Comparison point	YAML-level tools	kro
What developers see	Raw Kubernetes manifests	A higher-level custom resource such as `Application`
Validation model	Usually at deployment time	Static validation when the RGD is created
Dependency handling	Mostly manual or implied	Inferred automatically from CEL expressions
Drift correction	GitOps sync or manual correction	Continuous reconciliation of instances and managed resources

This is also why kro can reduce engineering effort compared with building a custom CRD and controller from scratch. If the goal is to compose and wire Kubernetes resources into a simpler platform API, kro lets platform teams do that declaratively in YAML and CEL instead of writing, testing, packaging, and maintaining controller code.

This layering is important. Platform engineering rarely has a single magic tool. The goal is to combine the right tools so developers interact with a clear product surface instead of a pile of low-level primitives.

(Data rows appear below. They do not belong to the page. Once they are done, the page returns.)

Lemma arc_lo_lt_hi a : arc_valid a -> arc_lo a < arc_hi a.
Proof. destruct a; simpl; intros; lra. Qed.

Lemma arc_param_interior a p : arc_pts a p -> ~ is_endpoint a p ->
  exists t, arc_lo a < t < arc_hi a /\ p = arc_param a t.
Proof.
  intros Hp Hend. apply arc_pts_param in Hp as [t [[Hlo Hhi] ->]].
  exists t; split; [|reflexivity].
  destruct Hlo as [Hlo|Hlo]; [destruct Hhi as [Hhi|Hhi]; [lra|]|]; subst;
    exfalso; apply Hend; unfold is_endpoint;
    [right; symmetry; apply arc_tgt_param | left; symmetry; apply arc_src_param].
Qed.

Lemma sin_sq_add_cos_sq x : sin x ^ 2 + cos x ^ 2 = 1.
Proof. pose proof (sin2_cos2 x) as H. unfold Rsqr in H. lra. Qed.

(* [1 - cos (t' - t) = 2 sin ((t' - t) / 2) ^ 2] and the sine is positive on [(0, PI)]. *)
Lemma cos_sin_inj t t' : t < t' < t + 2 * PI ->
  cos t = cos t' -> sin t = sin t' -> False.
Proof.
  intros Ht Hc Hs.
  assert (Hcos : cos (2 * ((t' - t) / 2)) = 1).
  { replace (2 * ((t' - t) / 2)) with (t' - t) by field.
    rewrite cos_minus, <- Hc, <- Hs. pose proof (sin_sq_add_cos_sq t). lra. }
  rewrite cos_2a_sin in Hcos.
  assert (0 < sin ((t' - t) / 2)) by (apply sin_gt_0; lra).
  nra.
Qed.

Lemma arc_param_inj a s t : arc_valid a ->
  arc_lo a <= s <= arc_hi a -> arc_lo a <= t <= arc_hi a ->
  arc_param a s = arc_param a t -> s = t.
Proof.
  destruct a as [[p1 p2] [q1 q2]|c r t0 t1]; simpl; intros Hv Hs Ht E;
    injection E; intros E2 E1.
  - destruct (Req_dec s t) as [|Hne]; [assumption|].
    exfalso; apply Hv; f_equal; apply Rmult_eq_reg_l with (s - t);
      try lra; ring_simplify; ring_simplify in E1; ring_simplify in E2; lra.
  - destruct Hv as [Hr Ht01].
    assert (cos s = cos t) by (apply Rmult_eq_reg_l with r; lra).
    assert (sin s = sin t) by (apply Rmult_eq_reg_l with r; lra).
    destruct (Rtotal_order s t) as [Hl|[Hl|Hl]]; [exfalso|assumption|exfalso].
    + apply (cos_sin_inj s t); [lra|assumption|assumption].
    + apply (cos_sin_inj t s); [lra|congruence|congruence].
Qed.

Definition sqdist (p q : point) : R := (fst p - fst q) ^ 2 + (snd p - snd q) ^ 2.

Lemma sqdist_nonneg p q : 0 <= sqdist p q.
Proof.
  unfold sqdist. pose proof (pow2_ge_0 (fst p - fst q)). pose proof (pow2_ge_0 (snd p - snd q)).
  lra.
Qed.

Lemma sqdist_pos p q : p <> q -> 0 < sqdist p q.
Proof.
  destruct p as [p1 p2], q as [q1 q2]; unfold sqdist; simpl; intros H.
  assert (Hsq : forall x, x <> 0 -> 0 < x ^ 2)
    by (intros x Hx; replace (x ^ 2) with (Rsqr x) by (unfold Rsqr; ring);
        apply Rlt_0_sqr, Hx).
  destruct (Req_dec p1 q1) as [->|H1].
  - destruct (Req_dec p2 q2) as [->|H2]; [congruence|].
    assert (0 < (p2 - q2) ^ 2) by (apply Hsq; lra).
    pose proof (pow2_ge_0 (q1 - q1)); lra.
  - assert (0 < (p1 - q1) ^ 2) by (apply Hsq; lra).
    pose proof (pow2_ge_0 (p2 - q2)); lra.
Qed.

Lemma dist_lt_of_sqdist_lt p q e : 0 < e -> sqdist p q < e ^ 2 -> Defs.dist p q < e.
Proof.
  intros He H. unfold Defs.dist. rewrite <- (sqrt_pow2 e) by lra.
  apply sqrt_lt_1; [apply sqdist_nonneg|apply pow2_ge_0|exact H].
Qed.

Lemma arc_param_step_sqdist a : exists K, 0 < K /\
  forall t u, 0 <= u <= 1 -> sqdist (arc_param a t) (arc_param a (t + u)) <= K * u ^ 2.
Proof.
  destruct a as [p q|c r t0 t1]; simpl.
  - exists (sqdist q p + 1). split; [pose proof (sqdist_nonneg q p); lra|].
    intros t u _.
    replace (sqdist _ _) with (sqdist q p * u ^ 2) by (unfold sqdist; simpl; ring).
    pose proof (pow2_ge_0 u); nra.
  - exists (r ^ 2 + 1). split; [pose proof (pow2_ge_0 r); lra|]. intros t u Hu.
    replace (sqdist _ _) with (r ^ 2 * (2 - 2 * cos u)).
    2:{ unfold sqdist; simpl. rewrite cos_plus, sin_plus.
        transitivity (r ^ 2 * ((sin t ^ 2 + cos t ^ 2) *
                               (1 - 2 * cos u + (sin u ^ 2 + cos u ^ 2))));
          [rewrite !sin_sq_add_cos_sq; ring|ring]. }
    replace u with (2 * (u / 2)) at 1 by field. rewrite cos_2a_sin.
    assert (0 <= sin (u / 2) <= u / 2).
    { destruct (Req_dec u 0) as [->|Hu0].
      - replace (0 / 2) with 0 by field. rewrite sin_0. lra.
      - pose proof PI2_1. pose proof (sin_lt_x (u / 2)).
        pose proof (sin_ge_0 (u / 2)). lra. }
    assert (4 * (sin (u / 2) * sin (u / 2)) <= u ^ 2) by nra.
    pose proof (pow2_ge_0 r); pose proof (pow2_ge_0 u); nra.
Qed.

Definition along (z d : point) (s : R) : point := (fst z + s * fst d, snd z + s * snd d).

Why This Matters for Platform Engineering

A common criticism of Kubernetes is that it is too complex. There is some truth to that, but the alternative is not a simpler world. Without a consistent API layer, teams end up dealing with VM provisioning, bespoke scripts, vendor-specific consoles, inconsistent deployment patterns, and a growing amount of tribal knowledge.

The better answer is not to eliminate Kubernetes primitives altogether. It is to concentrate that complexity in the platform so application teams do not have to absorb all of it. kro helps by letting platform engineers define simpler, opinionated APIs on top of the Kubernetes model rather than exposing every primitive directly.

That is the platform engineering angle that matters most: not just automation, but product design.

Summary

One of the hardest parts of platform engineering is deciding where the contract should sit between developer intent and platform implementation. Ask developers to work directly with every Kubernetes primitive and the cognitive load becomes too high. Hide everything behind tickets and the platform becomes a bottleneck.

kro offers a useful middle path. It lets platform teams define a clean API for common deployment patterns, encode organizational standards behind that API, and keep Kubernetes reconciliation working in the background. In that sense, kro is not just a deployment convenience. It is a way to productize part of the platform.

In the next part, I will walk through concrete scenarios for that contract, such as cost-optimized stateless deployments, single-region high availability, and ingress-enabled services, and show how kro can model them.

Note: This blog is inspired by kro.run, the Kubernetes Podcast episode linked below, and several other CNCF kro-related presentations. The key emphasis is that kro can play a significant role in platform engineering.